July 29 I Monday

Psalms 49-50

Romans 1

“But where sin increased, grace increased all the more, so that, just as sin reigned in death, so also grace might reign through righteousness to bring eternal life through Jesus Christ our Lord.”   —Romans 5:20-21

 

What happens when we are at the lowest point of our life? In Jesus’s Parable of the Prodigal Son, we read of a son who demanded from his father his share of the inheritance and squandered it in reckless living. Left without a penny in his pocket, and out of desperation, the son takes up a job feeding pigs.

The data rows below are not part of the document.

(* If t <= c, then t itself is the atom.  Otherwise c is covered by t `|` c, and
   transposing gives c `&` b covered by q := (t `|` c) `&` b; an atom s' of [e, b]
   below q but not below c yields the atom c `&` (t `|` s'). *)
Lemma atom_below_cover {e t b c} :
  covers e t -> ~ t <= b -> e <= b -> (forall z, e <= z -> z <= b -> atom_join e z) ->
  e <= c -> c <= t `|` b -> ~ c <= b -> exists2 s, covers e s & s <= c /\ ~ s <= b.
Proof.
move=> Het Ntb leeb lowb leec lectb Ncb.
have [letc|/negP Ntc] := boolP (t <= c); first by exists t.
have Ecb : c `|` b = t `|` b.
  by rewrite joinC; apply: covers_join_eq (covers_join_atom b Het leeb Ntb) lectb Ncb.
set q := (t `|` c) `&` b.
have Ecq : q `|` c = t `|` c.
  rewrite joinC /q meetC Hmod ?leUr // Ecb meet_r //.
  by rewrite leUx leUl (le_trans lectb) // leUx leUl leUr.
have Hq : covers (c `&` b) q.
  have -> : c `&` b = q `&` c by rewrite /q meetAC (meet_r (leUr c t)).
  by apply: covers_transpose_down; rewrite Ecq; exact: covers_join_atom c Het leec Ntc.
have leeq : e <= q by rewrite lexI leeb (le_trans leec (leUr _ _)).
have leecb : e <= c `&` b by rewrite lexI leec leeb.
have Nqcb : ~ q <= c `&` b by rewrite (lt_geF Hq.1).
have [s' Hes' [les'q Ns'cb]] := atom_join_exists_atom (lowb q leeq (leIr _ _)) leecb Nqcb.
have les'b : s' <= b := le_trans les'q (leIr _ _).
have Ns'c : ~ s' <= c by move=> les'c; apply: Ns'cb; rewrite lexI les'c.
have les'tc : s' <= t `|` c := le_trans les'q (leIl _ _).
have [Hes Nsb] := atom_meet_join_atom Het Hes' les'b Ntb leec Ntc Ns'c les'tc.
by exists (c `&` (t `|` s')) => //; split=> //; exact: leIl.
Qed.

Lemma atom_join_lower {e b c} : atom_join e b -> e <= c -> c <= b -> atom_join e c.
Proof.
move=> [L]; elim: L b c => [|t L IH] _ c HL <- leec.
  rewrite big_nil joinx0 => lece.
  have -> : c = e by apply/le_anti; rewrite lece leec.
  exact: atom_join_refl.
set b := e `|` \join_(u <- L) u.
have lowb z : e <= z -> z <= b -> atom_join e z.
  by apply: IH => // u uL; apply: HL; rewrite inE uL orbT.
rewrite big_cons joinCA -/b => lectb.
have [lecb|/negP Ncb] := boolP (c <= b); first exact: lowb.
have [Ete|Het] := HL t (mem_head t L).
  by case: Ncb; rewrite -(join_r (_ : t <= b)) // Ete leUl.
have Ntb : ~ t <= b by move=> letb; apply: Ncb; rewrite -(join_r letb).
have leeb : e <= b := leUl _ _.
have [s Hes [lesc Nsb]] := atom_below_cover Het Ntb leeb lowb leec lectb Ncb.
have Htb : covers b (t `|` b) := covers_join_atom b Het leeb Ntb.
have Hcb : covers (c `&` b) c.
  by apply: covers_transpose_down; rewrite joinC (covers_join_eq Htb lectb Ncb).
have Nscb : ~ s <= c `&` b by move=> lescb; apply: Nsb; exact: le_trans lescb (leIr _ _).
rewrite -(covers_join_eq Hcb lesc Nscb).
apply: atom_joinU (atom_join_atom (or_intror Hes)).
by apply: lowb (leIr _ _); rewrite lexI leec leeb.
Qed.

Lemma atom_join_atomistic {e b} : atom_join e b -> atomistic e b.
Proof.
move=> Hb; split=> [|c [leec lecb]]; first exact: atom_join_ge.
have [L HL Ec] := atom_join_lower Hb leec lecb.
exists (fun t => t \in L /\ covers e t); split.
  move=> t [tL Het]; split=> //; split; first exact: covers_le.
  by apply: le_trans lecb; rewrite -Ec mem_le_join.
split=> //; split=> [t [tL _]|u [leeu _] ub]; first by rewrite -Ec mem_le_join.
rewrite -Ec leUx leeu; apply/joinsP_seq => t tL _.
by case: (HL t tL) => [->|Het] //; exact: ub.
Qed.

Lemma atomistic_atom_join {e b} : atomistic e b -> atom_join e b.
Proof.
move=> [leeb atb]; have [A [HA [_ [ubA leastA]]]] := atb b (conj leeb (lexx b)).
pose P m := exists2 L : seq M, (forall t, t \in L -> A t) & e `|` \join_(t <- L) t = m.
have P0 : P e by exists [::]; rewrite ?big_nil ?joinx0.
have [m [[L LA Em] mmax]] := well_founded_minimal P gt_well_founded P0.
have lemb : m <= b by rewrite -Em leUx leeb; apply/joinsP_seq => t /LA /ubA.
have lebm : b <= m.
  apply: leastA => [|t At]; first by split=> //; rewrite -Em leUl.
  apply/negPn/negP => Ntm; apply: (mmax (t `|` m)).
    exists (t :: L); first by move=> u; rewrite inE => /orP [/eqP ->|/LA].
    by rewrite big_cons joinCA Em.
  by rewrite lt_neqAle leUr andbT; apply: contra Ntm => /eqP ->; exact: leUl.
exists L => [t /LA /HA [_ Het]|]; first by right.
by rewrite Em; apply: le_anti; rewrite lemb lebm.
Qed.
Definition bicat_axioms : Prop :=
  [/\ (forall (x y : ob C) (f g h k : hom x y) (c : cell h k) (b : cell g h) (a : cell f g),
         vcomp c (vcomp b a) = vcomp (vcomp c b) a),
      (forall (x y : ob C) (f g : hom x y) (a : cell f g), vcomp (id2 g) a = a /\ vcomp a (id2 f) = a),
      (forall (x y z : ob C) (f : hom y z) (g : hom x y), hcomp (id2 f) (id2 g) = id2 (comp1 f g)),
      (forall (x y z : ob C) (f f' f'' : hom y z) (g g' g'' : hom x y)
              (b : cell f f') (b' : cell f' f'') (a : cell g g') (a' : cell g' g''),
         hcomp (vcomp b' b) (vcomp a' a) = vcomp (hcomp b' a') (hcomp b a)) &
   [/\ (forall (w x y z : ob C) (h h' : hom y z) (g g' : hom x y) (f f' : hom w x)
              (c : cell h h') (b : cell g g') (a : cell f f'),
         vcomp (assoc h' g' f') (hcomp (hcomp c b) a)
         = vcomp (hcomp c (hcomp b a)) (assoc h g f)),
      (forall (w x y z : ob C) (h : hom y z) (g : hom x y) (f : hom w x),
         vcomp (assoc_inv h g f) (assoc h g f) = id2 _ /\
         vcomp (assoc h g f) (assoc_inv h g f) = id2 _),
      (forall (x y : ob C) (f f' : hom x y) (a : cell f f'),
         vcomp (lunit f') (hcomp (id2 (id1 y)) a) = vcomp a (lunit f) /\
         vcomp (runit f') (hcomp a (id2 (id1 x))) = vcomp a (runit f)),
      (forall (x y : ob C) (f : hom x y),
         [/\ vcomp (lunit_inv f) (lunit f) = id2 _, vcomp (lunit f) (lunit_inv f) = id2 _,
             vcomp (runit_inv f) (runit f) = id2 _ & vcomp (runit f) (runit_inv f) = id2 _]) &
      ((forall (v w x y z : ob C) (k : hom y z) (h : hom x y) (g : hom w x) (f : hom v w),
         vcomp (assoc k h (comp1 g f)) (assoc (comp1 k h) g f)
         = vcomp (hcomp (id2 k) (assoc h g f))
                 (vcomp (assoc k (comp1 h g) f) (hcomp (assoc k h g) (id2 f)))) /\
      (forall (x y z : ob C) (f : hom x y) (g : hom y z),
         vcomp (hcomp (id2 g) (lunit f)) (assoc g (id1 y) f)
         = hcomp (runit g) (id2 f)))]].

Definition is_zero1 (x y : ob C) (z : hom x y) : Prop := id2 z = 0.

Definition iso2 (x y : ob C) (f g : hom x y) : Prop :=
  exists (a : cell f g) (b : cell g f), vcomp b a = id2 f /\ vcomp a b = id2 g.

Definition locally_additive : Prop :=
  [/\ (forall (x y : ob C) (f g h : hom x y) (b : cell g h) (a1 a2 : cell f g),
         vcomp b (a1 + a2) = vcomp b a1 + vcomp b a2),
      (forall (x y : ob C) (f g h : hom x y) (b1 b2 : cell g h) (a : cell f g),
         vcomp (b1 + b2) a = vcomp b1 a + vcomp b2 a),
      (forall (x y z : ob C) (f f' : hom y z) (g g' : hom x y) (b : cell f f') (a1 a2 : cell g g'),
         hcomp b (a1 + a2) = hcomp b a1 + hcomp b a2),
      (forall (x y z : ob C) (f f' : hom y z) (g g' : hom x y) (b1 b2 : cell f f') (a : cell g g'),
         hcomp (b1 + b2) a = hcomp b1 a + hcomp b2 a) &
      ((forall (x y : ob C), exists z : hom x y, is_zero1 z) /\
      (forall (x y : ob C) (f g : hom x y), exists (s : hom x y) (i1 : cell f s) (i2 : cell g s)
            (p1 : cell s f) (p2 : cell s g),
         [/\ vcomp p1 i1 = id2 f, vcomp p2 i2 = id2 g, vcomp p1 i2 = 0, vcomp p2 i1 = 0
           & vcomp i1 p1 + vcomp i2 p2 = id2 s]))].

Definition idem2 (c : ob C) (e : hom c c) (mu : cell (comp1 e e) e) (de : cell e (comp1 e e)) : Prop :=
  [/\ vcomp mu (hcomp mu (id2 e)) = vcomp mu (vcomp (hcomp (id2 e) mu) (assoc e e e)),
      vcomp (assoc e e e) (vcomp (hcomp de (id2 e)) de) = vcomp (hcomp (id2 e) de) de,
      vcomp de mu = vcomp (hcomp mu (id2 e)) (vcomp (assoc_inv e e e) (hcomp (id2 e) de)),
      vcomp de mu = vcomp (hcomp (id2 e) mu) (vcomp (assoc e e e) (hcomp de (id2 e))) &
      vcomp mu de = id2 e].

According to the Law of Moses, pigs are considered unclean. In fact, if we were to visit Israel today, there is a law that makes it illegal for the foot of pigs to touch Israeli soil. We see the degradation of the son, a Jewish boy, who, at the lowest point of his life, is in a pig pen. He was so hungry that he would have eaten the food the pigs were being fed but no one gave him anything.

  But then, something happened to the son. It was something that could only happen once he was in the pig pen and not while he was living it up. We are told, “he came to his senses…” (Luke 15:17). We rarely come to ourselves when we are in comfort. It is only when we are in trouble that we truly find our real selves.

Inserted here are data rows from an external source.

(* Let $d=(d_1,\dots,d_n)$ be a degree sequence in nonincreasing order and let $e$ be obtained from $d$ by a unit transformation at indices $r<t$: $e_r=d_r-1$, $e_t=d_t+1$, $e_i=d_i$ for $i\notin\{r,t\}$, where $d_r\ge d_t+2$, $t$ is the first index after $r$ with $d_t\le d_r-2$, and $r$ is the last index before $t$ with $d_r\ge d_t+2$ (a trailing $0$ is appended to $d$ if needed, so $d$ and $e$ both have $n$ terms; then $e$ is again nonincreasing). Define $j_r=d_r+1$ if $d_r\ge r$ and $j_r=d_r$ if $d_r<r$; and $j_t=d_t+2$ if $d_t\ge t-1$ and $j_t=d_t+1$ if $d_t<t-1$. For an integer $k$, let $c_1(k)$ be the number of elements of the multiset $\{r,j_t\}$ that are $\le k$ (counted with multiplicity), and $c_{-1}(k)$ the number of elements of the multiset $\{t,j_r\}$ that are $\le k$ (counted with multiplicity). Then: (a) for every $k\le\min\{m(d),m(e)\}$, $\Delta_k(e)=\Delta_k(d)+c_1(k)-c_{-1}(k)$; (b) if $m(e)>m(d)$, then $\Delta_{m(e)}(e)=\Delta_{m(d)}(d)+2$.
   Context: Degree sequences (of finite simple graphs, terms may be $0$) are listed in nonincreasing order. $m(d)=\max\{i : d_i\ge i-1\}$. For integers $k\ge 0$, $\Delta_k(d)=k(k-1)+\sum_{i>k}\min\{k,d_i\}-\sum_{i\le k}d_i$. *)

From mathcomp Require Import all_boot all_order all_algebra.
Set Implicit Arguments. Unset Strict Implicit. Unset Printing Implicit Defensive.
Import GRing.Theory Num.Theory.

(* 1-indexed access: dat d i = d_i for 1 <= i <= size d (0 beyond). *)
Definition dat (d : seq nat) (i : nat) : nat := nth 0 d i.-1.

Definition nonincr (d : seq nat) : bool := sorted geq d.

(* d is the degree sequence of a finite simple graph on vertices 1..n
   (vertex i+1 is represented by the ordinal i). *)
Definition graphic (d : seq nat) : Prop :=
  exists E : rel 'I_(size d),
    irreflexive E /\ symmetric E /\
    forall i : 'I_(size d), #|[set j | E i j]| = nth 0 d i.

Definition mdeg (d : seq nat) : nat :=
  \max_(1 <= i < (size d).+1 | i.-1 <= dat d i) i.

Definition Delta (d : seq nat) (k : nat) : int :=
  ((k * (k - 1))%:Z + (\sum_(k.+1 <= i < (size d).+1) minn k (dat d i))%:Z
   - (\sum_(1 <= i < k.+1) dat d i)%:Z)%R.

Definition unit_transform (d e : seq nat) (r t : nat) : Prop :=
  [/\ size e = size d, 1 <= r, r < t & t <= size d] /\
  dat d t + 2 <= dat d r /\
  (forall i, r < i < t -> dat d r < dat d i + 2) /\  (* t first after r *)
  (forall i, r < i < t -> dat d i < dat d t + 2) /\  (* r last before t *)
  (forall i, 1 <= i <= size d ->
        dat e i = (if i == r then (dat d r).-1
                   else if i == t then (dat d t).+1 else dat d i)).

Definition j_r (d : seq nat) (r : nat) : nat :=
  if r <= dat d r then (dat d r).+1 else dat d r.
Definition j_t (d : seq nat) (t : nat) : nat :=
  if t.-1 <= dat d t then (dat d t).+2 else (dat d t).+1.

Definition c1 (d : seq nat) (r t k : nat) : nat := (r <= k) + (j_t d t <= k).
Definition cm1 (d : seq nat) (r t k : nat) : nat := (t <= k) + (j_r d r <= k).

From mathcomp Require Import all_boot all_order all_algebra zify.
Import GRing.Theory Num.Theory.
Set Implicit Arguments. Unset Strict Implicit. Unset Printing Implicit Defensive.

(* Write Delta_k(d) = k(k-1) + sum_i contrib_k(i, d_i), where vertex i
   contributes -d_i if i <= k and min(k, d_i) otherwise (DeltaE).  The unit
   transformation changes only d_r (down by one) and d_t (up by one), so
   Delta_k(e) - Delta_k(d) is the sum of two one-step contribution changes,
   which are explicit indicator expressions (Delta_transform).
   (a) For k <= min(m(d), m(e)), the definition of m together with the
       monotonicity of d and of e (e_nonincr) gives d_r >= k when r <= k and
       d_t >= k - 1 when t <= k; under these bounds the indicators are exactly
       the counts c_1(k) and c_{-1}(k) (j_r_le, j_t_le).
   (b) If m(e) > m(d), the new witness of m(e) must be t, whence d_t = t - 2
       and m(d) = t - 1; the transformation does not change Delta_t, and
       Delta_t(d) = Delta_{t-1}(d) + 2 by the one-step recurrence Delta_succ. *)

Lemma dat_big (d : seq nat) (i : nat) : size d < i -> dat d i = 0.
Proof. by move=> hi; rewrite /dat nth_default //; lia. Qed.

Lemma dat_antimono (d : seq nat) (i j : nat) :
  nonincr d -> 1 <= i -> i <= j -> dat d j <= dat d i.
Proof.
move=> d_nonincr i_pos le_ij.
have [j_in | j_out] := leqP j (size d); last by rewrite dat_big.
have geq_trans : transitive geq by move=> a b c /= h1 h2; apply: leq_trans h2 h1.
apply: (sorted_leq_nth geq_trans (@leqnn) 0 d_nonincr); rewrite ?inE; lia.
Qed.

Lemma mdeg_wit (d : seq nat) : 0 < mdeg d ->
  [/\ 1 <= mdeg d, mdeg d <= size d & (mdeg d).-1 <= dat d (mdeg d)].
Proof.
pose good x := [&& 1 <= x, x <= size d & x.-1 <= dat d x].
suff : (mdeg d == 0) || good (mdeg d).
  by case/orP=> [/eqP-> // | /and3P[]].
rewrite /mdeg big_nat_cond.
apply: (big_ind (fun x => (x == 0) || good x)) => // [x y gx gy | i].
  by rewrite /maxn; case: ifP.
by case/andP=> /andP[i_pos i_le] i_good; rewrite /good i_good; apply/orP; right; lia.
Qed.

Lemma mdeg_ge (d : seq nat) (i : nat) :
  1 <= i -> i <= size d -> i.-1 <= dat d i -> i <= mdeg d.
Proof.
move=> i_pos i_le i_good; apply: (@leq_bigmax_seq _ _ _ id) => //.
by rewrite mem_index_iota; lia.
Qed.

Lemma mdeg_head (d : seq nat) (i k : nat) :
  nonincr d -> 1 <= i -> i <= k -> k <= mdeg d -> k.-1 <= dat d i.
Proof.
move=> d_nonincr i_pos le_ik le_km.
have [_ m_le m_good] := @mdeg_wit d ltac:(lia).
have := dat_antimono d_nonincr i_pos (leq_trans le_ik le_km); lia.
Qed.

(* This makes Delta_k additive in
   the entries of d, so local changes of d give local changes of Delta_k. *)
Definition contrib (k i x : nat) : int :=
  if i <= k then (- Posz x)%R else Posz (minn k x).

Lemma Posz_sum (m n : nat) (F : nat -> nat) :
  Posz (\sum_(m <= i < n) F i) = (\sum_(m <= i < n) Posz (F i))%R.
Proof. exact: (big_morph Posz PoszD (erefl (Posz 0))). Qed.

Lemma sum_nat_point (m n a : nat) (F : nat -> int) :
  m <= a < n -> (forall i, m <= i < n -> i != a -> F i = 0%R) ->
  (\sum_(m <= i < n) F i)%R = F a.
Proof.
move=> a_in F0; rewrite (bigD1_seq a) ?mem_index_iota ?iota_uniq //=.
rewrite big_seq_cond big1 ?addr0 // => i /andP[i_in i_a].
by apply: F0 => //; rewrite -mem_index_iota.
Qed.

Lemma sum_nat_points (m n a b : nat) (F : nat -> int) :
  m <= a -> a < b -> b < n ->
  (forall i, m <= i < n -> i != a -> i != b -> F i = 0%R) ->
  (\sum_(m <= i < n) F i)%R = (F a + F b)%R.
Proof.
move=> m_a a_b b_n F0; rewrite (big_cat_nat (n := b)) /=; try lia.
rewrite (@sum_nat_point m b a) ?(@sum_nat_point b n b) //; try lia.
  by move=> i i_in i_b; apply: F0 => //; lia.
by move=> i i_in i_a; apply: F0 => //; lia.
Qed.

Lemma DeltaE (d : seq nat) (k n : nat) : k < n -> size d < n ->
  Delta d k = (Posz (k * (k - 1)) + \sum_(1 <= i < n) contrib k i (dat d i))%R.
Proof.
move=> k_n size_n.
rewrite /Delta [(\sum_(1 <= i < n) _)%R](big_cat_nat (n := k.+1)) /=; try lia.
have -> : (\sum_(1 <= i < k.+1) contrib k i (dat d i) =
           - Posz (\sum_(1 <= i < k.+1) dat d i))%R.
  rewrite Posz_sum -sumrN; apply: eq_big_nat => i /andP[_ i_k].
  by rewrite /contrib ifT //; lia.
have tail0 i : size d < i -> contrib k i (dat d i) = 0%R.
  by move=> i_out; rewrite dat_big // /contrib; case: ifP; rewrite ?minn0.
have -> : (\sum_(k.+1 <= i < n) contrib k i (dat d i) =
           Posz (\sum_(k.+1 <= i < (size d).+1) minn k (dat d i)))%R.
  have sum0 m : size d <= m -> (\sum_(m.+1 <= i < n) contrib k i (dat d i))%R = 0%R.
    move=> size_m; rewrite big_nat_cond big1 // => i /andP[/andP[m_i _] _].
    by apply: tail0; lia.
  rewrite Posz_sum; have [k_size | size_k] := leqP k.+1 (size d).+1.
    rewrite (big_cat_nat k_size) /= ?sum0 ?addr0 //.
    by apply: eq_big_nat => i /andP[k_i _]; rewrite /contrib ifF //; lia.
  by rewrite sum0 ?big_geq //; lia.
lia.
Qed.

Lemma Delta_two_point (d e : seq nat) (a b k : nat) :
  1 <= a -> a < b -> (forall i, 1 <= i -> i != a -> i != b -> dat e i = dat d i) ->
  Delta e k = (Delta d k + (contrib k a (dat e a) - contrib k a (dat d a))
                         + (contrib k b (dat e b) - contrib k b (dat d b)))%R.
Proof.
move=> a_pos a_b same; set n := (k + size d + size e + b).+1.
rewrite !(@DeltaE _ k n); try lia.
rewrite -(subrK (\sum_(1 <= i < n) contrib k i (dat d i))%R
                (\sum_(1 <= i < n) contrib k i (dat e i))%R) -sumrB.
rewrite (@sum_nat_points 1 n a b
  (fun i => contrib k i (dat e i) - contrib k i (dat d i))%R) /=; try lia.
by move=> i /andP[i_pos _] i_a i_b; rewrite same // subrr.
Qed.

Lemma contrib_pred (k i x : nat) : 0 < x ->
  (contrib k i x.-1 - contrib k i x)%R = (Posz (i <= k)%N - Posz ((k < i) && (x <= k))%N)%R.
Proof. by move=> x_pos; rewrite /contrib; case: leqP => _; lia. Qed.

Lemma contrib_succ (k i x : nat) :
  (contrib k i x.+1 - contrib k i x)%R = (Posz ((k < i) && (x < k))%N - Posz (i <= k)%N)%R.
Proof. by rewrite /contrib; case: leqP => _; lia. Qed.

(* Delta_{k+1} - Delta_k, when no vertex after k+1 has degree above k:
   only vertex k+1 changes side, and the quadratic term grows by 2k. *)
Lemma Delta_succ (d : seq nat) (k : nat) :
  (forall i, k.+1 < i -> dat d i <= k) ->
  Delta d k.+1 =
    (Delta d k + Posz k.*2 - Posz (minn k (dat d k.+1)) - Posz (dat d k.+1))%R.
Proof.
move=> tail_small; set n := (k + size d).+2.
rewrite !(@DeltaE _ _ n); try lia.
rewrite -(subrK (\sum_(1 <= i < n) contrib k i (dat d i))%R
                (\sum_(1 <= i < n) contrib k.+1 i (dat d i))%R) -sumrB.
rewrite (@sum_nat_point 1 n k.+1
  (fun i => contrib k.+1 i (dat d i) - contrib k i (dat d i))%R) /=; try lia.
  have -> : (contrib k.+1 k.+1 (dat d k.+1) - contrib k k.+1 (dat d k.+1)
            = - Posz (dat d k.+1) - Posz (minn k (dat d k.+1)))%R.
    by rewrite /contrib leqnn ltnn.
  nia.
move=> i /andP[i_pos _] i_k; rewrite /contrib.
have [i_le | i_gt] := leqP i k; first by rewrite ifT ?subrr //; lia.
by rewrite ifF ?ifF; have := tail_small i; lia.
Qed.

(* Comparisons with j_r and j_t, under the bounds that k <= m(d), m(e) provides. *)
Lemma j_r_le (d : seq nat) (r k : nat) : (r <= k -> k <= dat d r) ->
  (j_r d r <= k) = (k < r) && (dat d r <= k).
Proof.
move=> bound; rewrite /j_r; have [r_k | k_r] := leqP r k.
  by have := bound r_k; case: ifP => ? ? /=; apply/idP/idP; lia.
by case: ifP => ? /=; apply/idP/idP; lia.
Qed.

Lemma j_t_le (d : seq nat) (t k : nat) : (t <= k -> k.-1 <= dat d t) ->
  (j_t d t <= k) = (k < t) && (dat d t < k).
Proof.
move=> bound; rewrite /j_t; have [t_k | k_t] := leqP t k.
  by have := bound t_k; case: ifP => ? ? /=; apply/idP/idP; lia.
by case: ifP => ? /=; apply/idP/idP; lia.
Qed.

Section UnitTransform.

Variables (d e : seq nat) (r t : nat).
Hypothesis d_nonincr : nonincr d.
Hypotheses (size_e : size e = size d) (r_pos : 1 <= r) (r_lt_t : r < t)
           (t_le_size : t <= size d).
Hypothesis gap : dat d t + 2 <= dat d r.
Hypothesis t_first : forall i, r < i < t -> dat d r < dat d i + 2.
Hypothesis r_last : forall i, r < i < t -> dat d i < dat d t + 2.
Hypothesis e_def : forall i, 1 <= i <= size d ->
  dat e i = (if i == r then (dat d r).-1
             else if i == t then (dat d t).+1 else dat d i).

Lemma datE (i : nat) : 1 <= i ->
  dat e i = (if i == r then (dat d r).-1
             else if i == t then (dat d t).+1 else dat d i).
Proof.
move=> i_pos; have [i_le | i_gt] := leqP i (size d); first by apply: e_def; lia.
have /negbTE-> : i != r by apply/eqP; lia.
have /negbTE-> : i != t by apply/eqP; lia.
by rewrite !dat_big ?size_e.
Qed.

Lemma datE_r : dat e r = (dat d r).-1.
Proof. by rewrite datE // eqxx. Qed.

Lemma datE_t : dat e t = (dat d t).+1.
Proof.
have /negbTE t_r : t != r by apply/eqP; lia.
by rewrite datE ?t_r ?eqxx //; lia.
Qed.

(* The transformed sequence is again nonincreasing: the choice of r and t
   guarantees that the entries strictly between r and t lie in
   [d_r - 1, d_t + 1]. *)
Lemma e_nonincr : nonincr e.
Proof.
apply/(sortedP 0) => i i_lt /=.
have := dat_antimono d_nonincr (isT : 0 < i.+1) (leqnSn i.+1).
have := r_last (i := i.+2); have := t_first (i := i.+1).
rewrite -[nth 0 e i]/(dat e i.+1) -[nth 0 e i.+1]/(dat e i.+2) !datE //.
have at_eq j m : j = m -> dat d j = dat d m by move->.
have := at_eq i.+1 r; have := at_eq i.+1 t; have := at_eq i.+2 r; have := at_eq i.+2 t.
by case: (i.+1 =P r); case: (i.+1 =P t); case: (i.+2 =P r); case: (i.+2 =P t); lia.
Qed.

Lemma Delta_transform (k : nat) :
  Delta e k = (Delta d k + Posz (r <= k)%N - Posz ((k < r) && (dat d r <= k))%N
                 + Posz ((k < t) && (dat d t < k))%N - Posz (t <= k)%N)%R.
Proof.
have same i : 1 <= i -> i != r -> i != t -> dat e i = dat d i.
  by move=> i_pos /negbTE i_r /negbTE i_t; rewrite datE // i_r i_t.
rewrite (Delta_two_point k r_pos r_lt_t same) datE_r datE_t.
by rewrite contrib_pred ?contrib_succ ?addrA //; lia.
Qed.

(* Part (a): for k <= min(m(d), m(e)) the indicator terms of Delta_transform
   are exactly c_1(k) - c_{-1}(k), because such k force d_r >= k whenever
   r <= k (read off e at r) and d_t >= k - 1 whenever t <= k. *)
Lemma Delta_transform_low (k : nat) : k <= minn (mdeg d) (mdeg e) ->
  Delta e k = (Delta d k + Posz (c1 d r t k) - Posz (cm1 d r t k))%R.
Proof.
move=> k_low.
have dr_big : r <= k -> k <= dat d r.
  move=> r_k; have := mdeg_head e_nonincr r_pos r_k ltac:(lia).
  by rewrite datE_r; lia.
have dt_big : t <= k -> k.-1 <= dat d t.
  by move=> t_k; apply: mdeg_head d_nonincr _ t_k _; lia.
rewrite Delta_transform /c1 /cm1 (j_r_le dr_big) (j_t_le dt_big); lia.
Qed.

(* If m(e) > m(d), the jump happens at t: no other index gained degree. *)
Lemma mdeg_jump_at_t : mdeg d < mdeg e -> mdeg e = t.
Proof.
move=> jump; have [m_pos m_le m_good] := @mdeg_wit e ltac:(lia).
apply/eqP/negPn/negP => m_t.
suff : mdeg e <= mdeg d by lia.
apply: mdeg_ge; rewrite -?size_e //.
by move: m_good; rewrite datE // (negbTE m_t); case: eqP => [->|_]; lia.
Qed.

(* Part (b): then d_t = t - 2, m(d) = t - 1, the transformation leaves
   Delta_t unchanged, and Delta_t(d) = Delta_{t-1}(d) + 2. *)
Lemma Delta_transform_jump : mdeg d < mdeg e ->
  Delta e (mdeg e) = (Delta d (mdeg d) + 2)%R.
Proof.
move=> jump; have me_t := mdeg_jump_at_t jump.
have [_ _] := @mdeg_wit e ltac:(lia).
rewrite me_t datE_t => dt_ge.
have dt_lt : dat d t < t.-1.
  by rewrite ltnNge; apply/negP => /(mdeg_ge _ t_le_size); lia.
have [s t_s] : exists s, t = s.+2 by exists t.-2; lia.
have md : mdeg d = s.+1.
  have := @dat_antimono d s.+1 t d_nonincr isT ltac:(lia).
  by have := @mdeg_ge d s.+1 isT ltac:(lia); lia.
have tail_small i : s.+2 < i -> dat d i <= s.+1.
  by have := @dat_antimono d t i d_nonincr ltac:(lia); lia.
rewrite Delta_transform md t_s Delta_succ // -t_s.
by rewrite leqnn ltnn /=; lia.
Qed.

End UnitTransform.

Theorem lemma14 (d e : seq nat) (r t : nat) :
  nonincr d -> graphic d -> unit_transform d e r t ->
  (forall k : nat, k <= minn (mdeg d) (mdeg e) ->
     Delta e k = (Delta d k + (c1 d r t k)%:Z - (cm1 d r t k)%:Z)%R) /\
  (mdeg d < mdeg e -> Delta e (mdeg e) = (Delta d (mdeg d) + 2)%R).
Proof.
move=> d_nonincr _ [[size_e r_pos r_lt_t t_le_size] [gap [t_first [r_last e_def]]]].
split=> [k k_low | jump].
  by apply: Delta_transform_low; assumption.
by apply: (Delta_transform_jump (r := r) (t := t)); assumption.
Qed.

God will wait a long time for people to come to themselves. That is why God lets us go and does not stop us. In the parable, when the son asked his father for his inheritance, the father let him go. One of the most frightening things the New Testament teaches about the wrath of God is that He shows it by saying, “I will let you go. I will hand you over.” The Book of Romans tells us, “Therefore God gave them over in the sinful desires of their hearts...” (Romans 1:24).

God’s wrath is shown by letting people go until they find themselves up to their neck in sin, wallowing in a pig pen, because that is when He can get their attention. Where sin abounds, grace abounds even more because that is where we run out of ourselves. When we are alone in a pig pen, there is no person to impress. We can be honest with ourselves. This is what happened to the son when he came to his senses. He saw himself for who he really was—a sinner.

Some of us may have wandered away from God but it is never too late for us to come to our senses in our pig pen and return home to be with the Father. May our hearts turn from our sinful desires and walk in a manner worthy of God’s call for us.

Prayer: Dear God, thank You that You do not abandon me but that Your grace is enough to cover all my sins. Praise You, God.